Generate independent Gaussian covariates and linear response data.

Generate independent normally-distributed covariates (including potentially omitted variables) and linear response data with a specified error distribution.

Usage

linear_gaussian_dgp(
  n,
  p_obs = 0,
  p_unobs = 0,
  s_obs = p_obs,
  s_unobs = p_unobs,
  betas = NULL,
  betas_unobs = NULL,
  intercept = 0,
  err = NULL,
  data_split = FALSE,
  train_prop = 0.5,
  return_values = c("X", "y", "support"),
  ...
)

Arguments

n: Number of samples.
p_obs: Number of observed features.
p_unobs: Number of unobserved (omitted) features.
s_obs: Sparsity level of observed features. Coefficients corresponding to features after the s_obs position (i.e., positions i = s_obs + 1, ..., p_obs) are set to 0.
s_unobs: Sparsity level of unobserved (omitted) features. Coefficients corresponding to features after the s_unobs position (i.e., positions i = s_unobs + 1, ..., p_unobs) are set to 0.
betas: Coefficient vector for observed design matrix. If a scalar is provided, the coefficient vector is constant. If NULL (default), entries in the coefficient vector are drawn iid from N(0, betas_sd^2). Can also be a function that generates the coefficient vector; see generate_coef().
betas_unobs: Coefficient vector for unobserved design matrix. If a scalar is provided, the coefficient vector is constant. If NULL (default), entries in the coefficient vector are drawn iid from N(0, betas_unobs_sd^2). Can also be a function that generates the coefficient vector; see generate_coef().
intercept: Scalar intercept term.
err: Function from which to generate simulated error vector. Default is NULL which adds no error to the DGP.
data_split: Logical; if TRUE, splits data into training and test sets according to train_prop.
train_prop: Proportion of data in training set if data_split = TRUE.
return_values: Character vector indicating what objects to return in list. Elements in vector must be one of "X", "y", "support".
...: Additional arguments to pass to functions that generate X, U, y, betas, betas_unobs, and err. If the argument doesn't exist in one of the functions it is ignored. If two or more of the functions have an argument of the same name but with different values, then use one of the following prefixes in front of the argument name (passed via ...) to differentiate it: .X_, .U_, .y_, .betas_, .betas_unobs_, or .err_. For additional details, see generate_X_gaussian(), generate_y_linear(), generate_coef(), and generate_errors()

Value

A list of the named objects that were requested in return_values. See brief descriptions below.

X: A data.frame.
y: A response vector of length nrow(X).
support: A vector of feature indices indicating all features used in the true support of the DGP.

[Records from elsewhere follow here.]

(* The statement $\tilde S(1)$ holds.
   Context: Parallelograms in $\mathbb{R}$ are compact intervals $\{b+x:|x|\le l\}$, $l>0$, with width $l$; $CR$ is the dilation of $R$ by factor $C$ about its centre. A finite family $\mathcal R$ is $B$-overlapping ($B:[1,\infty)\to[1,\infty)$ increasing) if $\sum_{R\in\mathcal R}1_{\mu R}\le B(\mu)$ for all $\mu\ge1$; a family depending on $\delta$ is boundedly overlapping if this holds with $B$ independent of $\delta$. Decoupling: for $S\subseteq\mathbb{R}^m$, a finite family $\mathcal R$ of parallelograms and $p,q\in[2,\infty]$, $\mathrm{Dec}(S,\mathcal R,p,q)$ is the smallest constant with $\|\sum_R f_R\|_{L^p(\mathbb{R}^m)}\le \mathrm{Dec}\,(\#\mathcal R)^{\frac12-\frac1q}\big\|\|f_R\|_{L^p}\big\|_{\ell^q(R\in\mathcal R)}$ for all smooth $f_R$ Fourier supported in $R\cap S$. $S$ can be $\ell^q(L^p)$ decoupled into $\mathcal R$ at cost $K$ if $S\subseteq\bigcup\mathcal R$ and $\mathrm{Dec}\le K$. $\mathcal P_{n,d}$: real polynomials in $n$ variables of degree at most $d$ with $\max_{[-1,1]^n}|\phi|\le1$. $\tilde S(n)$ means: for every $d\ge1$ there is $c_{n,d}>0$ such that for every $\phi\in\mathcal P_{n,d}$, every $0<\delta<c_{n,d}$, every $\varepsilon\in(0,1]$ and every parallelogram $R\subseteq[-1,1]^n$ of width at least $\delta$, there is a covering $\mathcal S_\delta$ of $\{x\in R:|\phi(x)|\le\delta\}$ by parallelograms contained in $2R$ such that (1) each member has width at least $\delta$ and $\mathcal S_\delta$ is boundedly overlapping; (2) $|\phi(x)|\le C\delta$ for every $x$ in every member; (3) for every $2\le p\le\frac{2(n+1)}{n-1}$ (for $n=1$: every $p\in[2,\infty]$), $\{x\in R:|\phi(x)|\le\delta\}$ can be $\ell^p(L^p)$ decoupled into $\mathcal S_\delta$ at cost at most $C\delta^{-\varepsilon}$. Here $C$ and the overlap function depend only on $n,d,\varepsilon,p$. *)

From HB Require Import structures.
From mathcomp Require Import all_boot all_order all_algebra.
From mathcomp Require Import all_classical all_reals all_analysis.
Set Implicit Arguments. Unset Strict Implicit. Unset Printing Implicit Defensive.
Import Order.TTheory GRing.Theory Num.Theory.
Import numFieldNormedType.Exports.
Local Open Scope classical_set_scope.
Local Open Scope ring_scope.

Section Defs.
Variable R : realType.

(* A parallelogram in R^1 is encoded by P = (b, l) with l > 0 (centre b,
   width l); it is the interval {b + x : |x| <= l}.
   [par_set P mu] is the dilate mu P = {b + x : |x| <= mu * l}. *)
Definition is_par (P : R * R) : Prop := 0 < P.2.
Definition par_set (P : R * R) (mu : R) : set R :=
  [set x | `|x - P.1| <= mu * P.2].

Definition overlap_le (fam : seq (R * R)) (B : R -> R) : Prop :=
  forall mu : R, 1 <= mu -> forall x : R,
    \sum_(P <- fam) (\1_(par_set P mu) x : R) <= B mu.

Definition overlap_fun (B : R -> R) : Prop :=
  (forall mu, 1 <= mu -> 1 <= B mu) /\
  (forall mu1 mu2, 1 <= mu1 -> mu1 <= mu2 -> B mu1 <= B mu2).

Definition schwartz (f : R -> R) : Prop :=
  forall k : nat,
    (forall x : R, derivable (derive1n k f) x 1) /\
    (forall a : nat, exists M : R, forall x : R,
        `|x ^+ a * derive1n k f x| <= M).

Note that if data_split = TRUE and "X", "y" are in return_values, then the returned list also contains slots for "Xtest" and "ytest".

Details

Data is generated via: $$y = intercept + betas \%\emph{\% X + betas_unobs \%}\% U + err(...),$$ where X, U are standard Gaussian random matrices and the true underlying support of this data is the first s_obs and s_unobs features in X and U respectively.

Examples

# generate data from: y = betas_1 * x_1 + betas_2 * x_2 + N(0, 0.5), where
# betas_1, betas_2 ~ N(0, 1) and X ~ N(0, I_10)
sim_data <- linear_gaussian_dgp(n = 100, p_obs = 10, s_obs = 2, betas_sd = 1,
                                err = rnorm, sd = .5)

# generate data from y = betas %*% X - u_1 + t(df = 1), where
# betas ~ N(0, .5), betas_unobs = [-1, 0], X ~ N(0, I_10), U ~ N(0, I_2)
sim_data <- linear_gaussian_dgp(n = 100, p_obs = 10, p_unobs = 2,
                                betas_sd = .5, betas_unobs = c(-1, 0),
                                err = rt, df = 1)